Note that your program is actually using a lot more than the halting oracle $0'$. It is using $0''$ — the halting oracle for machines using the $0'$ oracle. The oracle $0''$ is capable of deciding any $\Pi_2$ statement (like the twin prime conjecture) with a single definite query. Let's look at the twin prime conjecture in further detail.

For any fixed $N$, the $\Pi_1$ statement "there are no twin prime pairs after $N$" can be resolved by a single query to $0'$. Thus, if there are only finitely many twin primes, then there is a single query to $0'$ that will let us know that — the catch is that we don't know which query will give us the answer. Note that we can still get by with finitely many queries to $0'$ by trying all natural numbers $N$ in order until we get a positive answer to the query "there are no twin prime pairs after $N$" (assuming the twin prime conjecture is actually false).

To say "there are infinitely many twin primes" is a $\Pi_2$ statement. In general, one cannot positively decide a $\Pi_2$ statement by a single query to $0'$. However, the twin prime conjecture is a very specific $\Pi_2$ statement, so these general case arguments do not necessarily apply.

For example, it is conceivable that the existence of infinitely many twin primes is in fact equivalent to the existence of a magic twinmaker, which is a certain $\Pi_1$ property of a natural number.

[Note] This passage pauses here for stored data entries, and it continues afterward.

(* For every graph $G$ and every integer $k\ge 0$, $\pi^*(G+K_k)=\pi^*(G)+k$.
   Context: All graphs are finite and simple. $A+B$ denotes the complete join of graphs $A$ and $B$: the disjoint union of $A$ and $B$ together with all edges between $V(A)$ and $V(B)$; $K_k$ is the complete graph on $k$ vertices. A lazy walk in a graph $G$ is a sequence of vertices $v_1,\dots,v_m$ such that for each $i<m$, either $v_iv_{i+1}\in E(G)$ or $v_i=v_{i+1}$. For a colouring $\phi$ of $V(G)$, a lazy walk $v_1,\dots,v_{2t}$ is $\phi$-repetitive if $\phi(v_i)=\phi(v_{i+t})$ for each $i\in\{1,\dots,t\}$. A colouring $\phi$ is strongly nonrepetitive if for every $\phi$-repetitive lazy walk $v_1,\dots,v_{2t}$ there exists $i\in\{1,\dots,t\}$ with $v_i=v_{i+t}$. $\pi^*(G)$ denotes the minimum number of colours in a strongly nonrepetitive colouring of $G$. *)

From mathcomp Require Import all_boot.
From Stdlib Require Import ClassicalEpsilon.
Set Implicit Arguments. Unset Strict Implicit. Unset Printing Implicit Defensive.

(* A finite simple graph: vertex type V : finType with a symmetric,
   irreflexive adjacency relation e (these hypotheses are in the theorem). *)

Definition lazy_step (V : finType) (e : rel V) (x y : V) : Prop :=
  e x y \/ x = y.

Definition lazy_walk (V : finType) (e : rel V) (m : nat) (w : nat -> V) : Prop :=
  forall i, i.+1 < m -> lazy_step e (w i) (w i.+1).

Definition repetitive (V : finType) (C : Type) (phi : V -> C) (t : nat) (w : nat -> V) : Prop :=
  forall i, i < t -> phi (w i) = phi (w (i + t)).

Definition strongly_nonrep (V : finType) (e : rel V) (C : Type) (phi : V -> C) : Prop :=
  forall (t : nat) (w : nat -> V), 0 < t ->
    lazy_walk e (t + t) w -> repetitive phi t w ->
    exists i, i < t /\ w i = w (i + t).

Definition snr_colourable (V : finType) (e : rel V) (c : nat) : Prop :=
  exists phi : V -> nat, (forall v, phi v < c) /\ strongly_nonrep e phi.

Definition pb (P : Prop) : bool :=
  if excluded_middle_informative P then true else false.

Lemma pbP (P : Prop) : reflect P (pb P).
Proof. rewrite /pb; case: excluded_middle_informative => h; by constructor. Qed.

Lemma snr_colourable_exists (V : finType) (e : rel V) :
  exists c, pb (snr_colourable e c).
Proof.
exists #|V|; apply/pbP; exists (fun v => nat_of_ord (enum_rank v)); split.
  by move=> v; exact: ltn_ord.
move=> t w t0 _ rep; exists 0; split => //.
have := rep 0 t0 => /= h; apply: enum_rank_inj; exact: val_inj.
Qed.

Definition pistar (V : finType) (e : rel V) : nat :=
  ex_minn (snr_colourable_exists e).

Definition join_complete (V : finType) (e : rel V) (k : nat) : rel (V + 'I_k)%type :=
  fun x y => match x, y with
  | inl a, inl b => e a b
  | inr i, inr j => i != j
  | _, _ => true
  end.
Arguments join_complete [V] e k.

From mathcomp Require Import all_boot zify.
From Stdlib Require Import ClassicalEpsilon.
Set Implicit Arguments. Unset Strict Implicit. Unset Printing Implicit Defensive.

(* Upper bound: extend an optimal colouring of G by k fresh colours, one per
   apex of K_k.  A vertex carrying a colour used nowhere else is repeated by
   every repetitive lazy walk through it, so a repetitive walk visiting an
   apex is harmless; a walk avoiding the apices is a walk of G.

   Lower bound: every apex dominates G + K_k, and a dominating vertex gets a
   colour shared with no other vertex (look at the walk x, y).  So the k apex
   colours are pairwise distinct and unused on G.  Restricting the colouring
   to G (an injective homomorphism pulls strong nonrepetitiveness back) and
   renumbering the remaining colours order-preservingly into {0..c-k-1}
   (an injective recolouring preserves it) gives a colouring of G with
   c - k colours. *)

Lemma pistar_spec (V : finType) (e : rel V) : snr_colourable e (pistar e).
Proof. by rewrite /pistar; case: ex_minnP => m /pbP. Qed.

Lemma pistar_min (V : finType) (e : rel V) (c : nat) :
  snr_colourable e c -> pistar e <= c.
Proof. by rewrite /pistar; case: ex_minnP => m _ min_m /pbP; apply: min_m. Qed.

Lemma unique_colour_repeats (W : finType) (C : Type) (phi : W -> C)
    (t j : nat) (w : nat -> W) :
  repetitive phi t w -> j < t + t ->
  (forall y, phi y = phi (w j) -> y = w j) ->
  exists i, i < t /\ w i = w (i + t).
Proof.
move=> rep lt_j uniq_j; case: (ltnP j t) => [lt_jt | le_tj].
  by exists j; split => //; apply/esym/uniq_j; rewrite -(rep j lt_jt).
exists (j - t); split; first lia.
have jE : j - t + t = j by lia.
by rewrite jE; apply: uniq_j; rewrite -{2}jE -rep //; lia.
Qed.

Lemma dominating_colour_unique (W : finType) (e : rel W) (C : Type)
    (psi : W -> C) (x : W) :
  strongly_nonrep e psi -> (forall y, y <> x -> e x y) ->
  forall y, psi y = psi x -> y = x.
Proof.
move=> snr dom y psi_yx; pose w n := if n == 0 then x else y.
have [i [lt_i1 w_i]] : exists i, i < 1 /\ w i = w (i + 1).
  apply: snr => // [j lt_j | j lt_j]; have -> : j = 0 by lia.
    rewrite /lazy_step /w /=.
    by case: (eqVneq y x) => [->|/eqP ne]; [right | left; apply: dom].
  by rewrite /w /= psi_yx.
have i0 : i = 0 by lia.
by move: w_i; rewrite i0 /w /= => ->.
Qed.

Lemma strongly_nonrep_hom (V W : finType) (e : rel V) (f : rel W)
    (C : Type) (h : V -> W) (psi : W -> C) :
  injective h -> (forall x y, e x y -> f (h x) (h y)) ->
  strongly_nonrep f psi -> strongly_nonrep e (psi \o h).
Proof.
move=> inj_h hom snr t w t_gt0 walk rep.
have [i [lt_i w_i]] : exists i, i < t /\ h (w i) = h (w (i + t)).
  apply: snr => // j lt_j.
  by case: (walk j lt_j) => [ej | ->]; [left; apply: hom | right].
by exists i; split => //; apply: inj_h.
Qed.

Lemma strongly_nonrep_recolour (V : finType) (e : rel V) (C D : Type)
    (phi : V -> C) (g : C -> D) :
  (forall u v, g (phi u) = g (phi v) -> phi u = phi v) ->
  strongly_nonrep e phi -> strongly_nonrep e (g \o phi).
Proof.
move=> inj_g snr t w t_gt0 walk rep; apply: snr => // i lt_i.
exact: inj_g (rep i lt_i).
Qed.

(* rank_out S x is the number of colours below x that are not in S; it
   renumbers the colours outside S order-preservingly from 0. *)
Definition rank_out (S : seq nat) (x : nat) : nat :=
  count (fun z => z \notin S) (iota 0 x).

Lemma rank_out_lt (S : seq nat) (x y : nat) :
  x < y -> x \notin S -> rank_out S x < rank_out S y.
Proof.
move=> lt_xy x_out; rewrite /rank_out.
have -> : y = x + (y - x - 1).+1 by lia.
by rewrite iotaD count_cat add0n /= x_out; lia.
Qed.

Lemma rank_out_inj (S : seq nat) (x y : nat) :
  x \notin S -> y \notin S -> rank_out S x = rank_out S y -> x = y.
Proof.
move=> x_out y_out eq_r; case: (ltngtP x y) => // [lt_xy | lt_yx].
  by have := rank_out_lt lt_xy x_out; rewrite eq_r ltnn.
by have := rank_out_lt lt_yx y_out; rewrite eq_r ltnn.
Qed.

(* Removing the |S| distinct colours of S from {0..c-1} leaves c - |S|. *)
Lemma rank_out_bound (S : seq nat) (c x : nat) :
  uniq S -> (forall z, z \in S -> z < c) ->
  x < c -> x \notin S -> rank_out S x < c - size S.
Proof.
move=> S_uniq S_lt lt_xc x_out.
have size_in : size S <= count (mem S) (iota 0 c).
  rewrite -size_filter; apply: uniq_leq_size => // z zS.
  by rewrite mem_filter /= zS mem_iota add0n S_lt.
have split_c := count_predC (mem S) (iota 0 c); rewrite size_iota in split_c.
have := rank_out_lt lt_xc x_out; rewrite /rank_out.
have -> : count (fun z => z \notin S) (iota 0 c) = count (predC (mem S)) (iota 0 c)
  by [].
lia.
Qed.

Lemma join_apex_dominating (V : finType) (e : rel V) (k : nat) (r : 'I_k) :
  forall y, y <> inr r -> join_complete e k (inr r) y.
Proof. by case=> [v | r'] //= ne; apply/eqP => eq_r; apply: ne; rewrite eq_r. Qed.

Lemma snr_colourable_join (V : finType) (e : rel V) (k c : nat) :
  snr_colourable e c -> snr_colourable (join_complete e k) (c + k).
Proof.
move=> [phi [phi_lt snr]].
pose chi (x : V + 'I_k) := match x with inl v => phi v | inr r => c + r end.
have apex_unique r y : chi y = chi (inr r) -> y = inr r.
  case: y => [v | r'] /=; first by have := phi_lt v; lia.
  by move=> eq_c; congr inr; apply: val_inj => /=; lia.
exists chi; split=> [[v | r] | t w t_gt0 walk rep] /=.
- by have := phi_lt v; lia.
- by have := ltn_ord r; lia.
case: (excluded_middle_informative (exists j r, j < t + t /\ w j = inr r))
  => [[j [r [lt_j w_j]]] | no_apex].
  by apply: (unique_colour_repeats rep lt_j) => y; rewrite w_j; apply: apex_unique.
have in_G j : j < t + t -> exists v, w j = inl v.
  case E: (w j) => [v | r] lt_j; first by exists v.
  by case: no_apex; exists j, r.
have [v0 _] := in_G 0 ltac:(lia).
pose w' j := if w j is inl v then v else v0.
have w_w' j : j < t + t -> w j = inl (w' j) by move/in_G => [v w_j]; rewrite /w' w_j.
have [i [lt_i w'_i]] : exists i, i < t /\ w' i = w' (i + t).
  apply: snr => // j lt_j.
    have := walk j lt_j; rewrite /lazy_step !w_w' //; try lia.
    by case=> [ej | [->]]; [left | right].
  by have := rep j lt_j; rewrite !w_w' //; lia.
by exists i; split => //; rewrite !w_w' ?w'_i //; lia.
Qed.

Lemma snr_colourable_of_join (V : finType) (e : rel V) (k c : nat) :
  snr_colourable (join_complete e k) c -> k <= c /\ snr_colourable e (c - k).
Proof.
move=> [psi [psi_lt snr]].
have apex_unique (r : 'I_k) :=
  dominating_colour_unique snr (@join_apex_dominating V e k r).
pose S := [seq psi (inr r) | r <- enum 'I_k].
have S_uniq : uniq S.
  rewrite map_inj_uniq ?enum_uniq // => r r' eq_psi.
  by have [] := apex_unique r' (inr r) eq_psi.
have S_size : size S = k by rewrite size_map size_enum_ord.
have S_lt z : z \in S -> z < c by move=> /mapP [r _ ->].
have G_out v : psi (inl v) \notin S.
  by apply/mapP => -[r _ eq_psi]; have := apex_unique r (inl v) eq_psi.
split.
  rewrite -S_size -(size_iota 0 c); apply: uniq_leq_size => // z zS.
  by rewrite mem_iota add0n S_lt.
exists (rank_out S \o (psi \o inl)); split => [v | ].
  by have := rank_out_bound S_uniq S_lt (psi_lt (inl v)) (G_out v); rewrite S_size.
apply: strongly_nonrep_recolour.
  by move=> u v; apply: rank_out_inj (G_out u) (G_out v).
by apply: strongly_nonrep_hom snr => // u v [].
Qed.

(* The identity holds for every relation e. *)
Theorem mainTheorem9 (V : finType) (e : rel V) (k : nat) :
  symmetric e -> irreflexive e ->
  pistar (join_complete e k) = pistar e + k.
Proof.
move=> _ _; apply/eqP; rewrite eqn_leq; apply/andP; split.
  exact/pistar_min/snr_colourable_join/pistar_spec.
have [le_kc col_G] := snr_colourable_of_join (pistar_spec (join_complete e k)).
by have := pistar_min col_G; lia.
Qed.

In this case, we could resolve the twin prime conjecture by making a single query to $0'$: we could ask whether "there are no twin prime pairs after $N$" for some suitably chosen $N$, or we could ask whether "$N$ is a magic twinmaker" for some suitably chosen $N$. Again, the catch is that we don't know $N$ and, moreover, we don't even know which of the two questions to ask!

However, the situation is not so bad, we could still get by with only finitely many queries to $0'$ without making lucky guesses. We go through all the natural numbers $N$ in order, in each case asking whether "there are no twin primes after $N$" or whether "$N$ is a magic twinmaker" until we get a positive answer. Since one of the two cases must occur for some $N$, we will eventually get a positive answer.

Unfortunately, this magic twinmaker concept is completely made up for the purpose of illustration. It could be that the twin prime conjecture is a generic $\Pi_2$ statement, in which case we cannot expect to decide it positively with a single query to $0'$.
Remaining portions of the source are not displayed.